Moussa Siba, Kilgour Michael, Jans Clara, Hernandez-Garcia Alex, Cuperlovic-Culf Miroslava, Bengio Yoshua, Simine Lena
Department of Chemistry, McGill University, 801 Sherbrooke Street West, Montreal, QuebecH3A 0B8, Canada.
Montreal Institute for Learning Algorithms, 6666 St. Urbain, #200, Montreal, QuebecH2S 3H1, Canada.
J Phys Chem B. 2023 Jan 12;127(1):62-68. doi: 10.1021/acs.jpcb.2c05660. Epub 2022 Dec 27.
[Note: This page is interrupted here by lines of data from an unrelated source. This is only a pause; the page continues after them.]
(* Let $\mathcal{T}=\{0,1\}$, let $P\in\Delta_{\mathcal{T},\mathcal{X},\mathcal{Y}}$ with $P(T=0)>0$, $P(T=1)>0$, and suppose $Q^*\in\arg\max_{Q\in\Delta_P}H_Q(T\mid X,Y)$ lies in the relative interior of $\Delta_P$. If $\mathcal{X}_0=\mathcal{X}_1$ and $\mathcal{Y}_0\ne\mathcal{Y}_1$, then $T$ is conditionally independent of $X$ given $Y$ under $Q^*$. If $\mathcal{Y}_0=\mathcal{Y}_1$ and $\mathcal{X}_0\neq\mathcal{X}_1$, then $T$ is conditionally independent of $Y$ given $X$ under $Q^*$.
   Context: $T,X,Y$ are random variables with finite state spaces $\mathcal{T},\mathcal{X},\mathcal{Y}$; $\Delta_{\mathcal{T},\mathcal{X},\mathcal{Y}}$ is the set of all joint distributions on $\mathcal{T}\times\mathcal{X}\times\mathcal{Y}$. For $P\in\Delta_{\mathcal{T},\mathcal{X},\mathcal{Y}}$, $\Delta_P=\{Q\in\Delta_{\mathcal{T},\mathcal{X},\mathcal{Y}}: Q(X=x,T=t)=P(X=x,T=t),\ Q(Y=y,T=t)=P(Y=y,T=t)\ \forall x,y,t\}$. For $t\in\{0,1\}$: $\mathcal{X}_t=\{x: P(X=x\mid T=t)>0\}$, $\mathcal{Y}_t=\{y: P(Y=y\mid T=t)>0\}$. *)

From mathcomp Require Import all_boot.
From Stdlib Require Import Reals.
Set Implicit Arguments. Unset Strict Implicit. Unset Printing Implicit Defensive.

Local Open Scope R_scope.

(* A (candidate) joint distribution on T x X x Y with T = {0,1} represented by bool
   (false = 0, true = 1). *)
Definition jdist (X Y : finType) := bool -> X -> Y -> R.

Definition rsum (I : finType) (F : I -> R) : R := \big[Rplus/0]_(i : I) F i.

Section Defs.
Variables X Y : finType.

Definition is_dist (Q : jdist X Y) : Prop :=
  (forall t x y, 0 <= Q t x y) /\
  rsum (fun t : bool => rsum (fun x : X => rsum (fun y : Y => Q t x y))) = 1.
(* Let $X,Y$ be non-empty subsets of $A^+$. (i) $XY$ and $YX$ are both prefix (resp. maximal prefix) alt-induced codes if and only if $X$ and $Y$ are prefix (resp. maximal prefix) codes. (ii) $XY$ and $YX$ are both suffix (resp. maximal suffix) alt-induced codes if and only if $X$ and $Y$ are suffix (resp. maximal suffix) codes. (iii) $XY$ and $YX$ are both bifix (resp. thin maximal bifix) alt-induced codes if and only if $X$ and $Y$ are bifix (resp. thin maximal bifix) codes.
   Context: $A$ is a finite alphabet, $A^*$ the set of words, $A^+$ the non-empty words, $XY=\{xy:x\in X,y\in Y\}$. A code is a subset of $A^+$ in which every word has at most one factorization into its elements. A prefix (suffix) code is a subset of $A^+$ in which no word is a proper prefix (suffix) of another; a bifix code is both; such a code is maximal if not properly contained in another prefix (suffix, bifix) code over $A$. A set is thin if some word of $A^*$ is not a factor of any of its words. For non-empty $X,Y\subseteq A^+$, $(X,Y)$ is an alternative code if no word of $A^+$ admits two different similar alternative factorizations on $(X,Y)$ (factorizations $u_1\cdots u_n$, $n\ge2$, $u_i\in X\cup Y$, alternating between $X$ and $Y$; similar = beginning in the same set and ending in the same set); equivalently, $XY$ is a code and each element of $XY$ has exactly one factorization $xy$ with $x\in X,y\in Y$. An alt-induced code is a set $Z$ with $Z=UV$ for some alternative code $(U,V)$; a prefix (suffix, bifix, maximal prefix, etc.) alt-induced code is an alt-induced code which is also a prefix (suffix, bifix, maximal prefix, etc.) code. *)

From mathcomp Require Import all_boot.
Set Implicit Arguments. Unset Strict Implicit. Unset Printing Implicit Defensive.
Inverse design of short single-stranded RNA and DNA sequences (aptamers) is the task of finding sequences that satisfy a set of desired criteria. Relevant criteria may be, for example, the presence of specific folding motifs, binding to molecular ligands, sensing properties, and so on. Most practical approaches to aptamer design identify a small set of promising candidate sequences using high-throughput experiments (e.g., SELEX) and then optimize performance by introducing only minor modifications to the empirically found candidates. Sequences that possess the desired properties but differ drastically in chemical composition will add diversity to the search space and facilitate the discovery of useful nucleic acid aptamers. Systematic diversification protocols are needed. Here we propose to use an unsupervised machine learning model known as the Potts model to discover new, useful sequences with controllable sequence diversity. We start by training a Potts model using the maximum entropy principle on a small set of empirically identified sequences unified by a common feature. To generate new candidate sequences with a controllable degree of diversity, we take advantage of the model's spectral feature: an "energy" bandgap separating sequences that are similar to the training set from those that are distinct. By controlling the Potts energy range that is sampled, we generate sequences that are distinct from the training set yet still likely to have the encoded features. To demonstrate performance, we apply our approach to design diverse pools of sequences with specified secondary structure motifs in 30-mer RNA and DNA aptamers.
短单链RNA和DNA序列(适体)的反向设计是寻找满足一组期望标准的序列的任务。相关标准例如可以是特定折叠基序的存在、与分子配体的结合、传感特性等等。适体设计的大多数实际方法使用高通量实验(例如SELEX)识别一小部分有前景的候选序列,然后通过仅对凭经验找到的候选序列进行微小修改来优化性能。具有所需特性但化学成分差异很大的序列将增加搜索空间的多样性,并有助于发现有用的核酸适体。需要系统的多样化方案。在这里,我们建议使用一种称为Potts模型的无监督机器学习模型来发现具有可控序列多样性的新的有用序列。我们首先使用最大熵原理在一小组由共同特征统一的凭经验识别的序列上训练Potts模型。为了生成具有可控多样性程度的新候选序列,我们利用模型的光谱特征:一个“能量”带隙,将与训练集相似的序列与不同的序列分开。通过控制采样的Potts能量范围,我们生成与训练集不同但仍可能具有编码特征的序列。为了证明性能,我们将我们的方法应用于设计30聚体RNA和DNA适体中具有指定二级结构基序的不同序列池。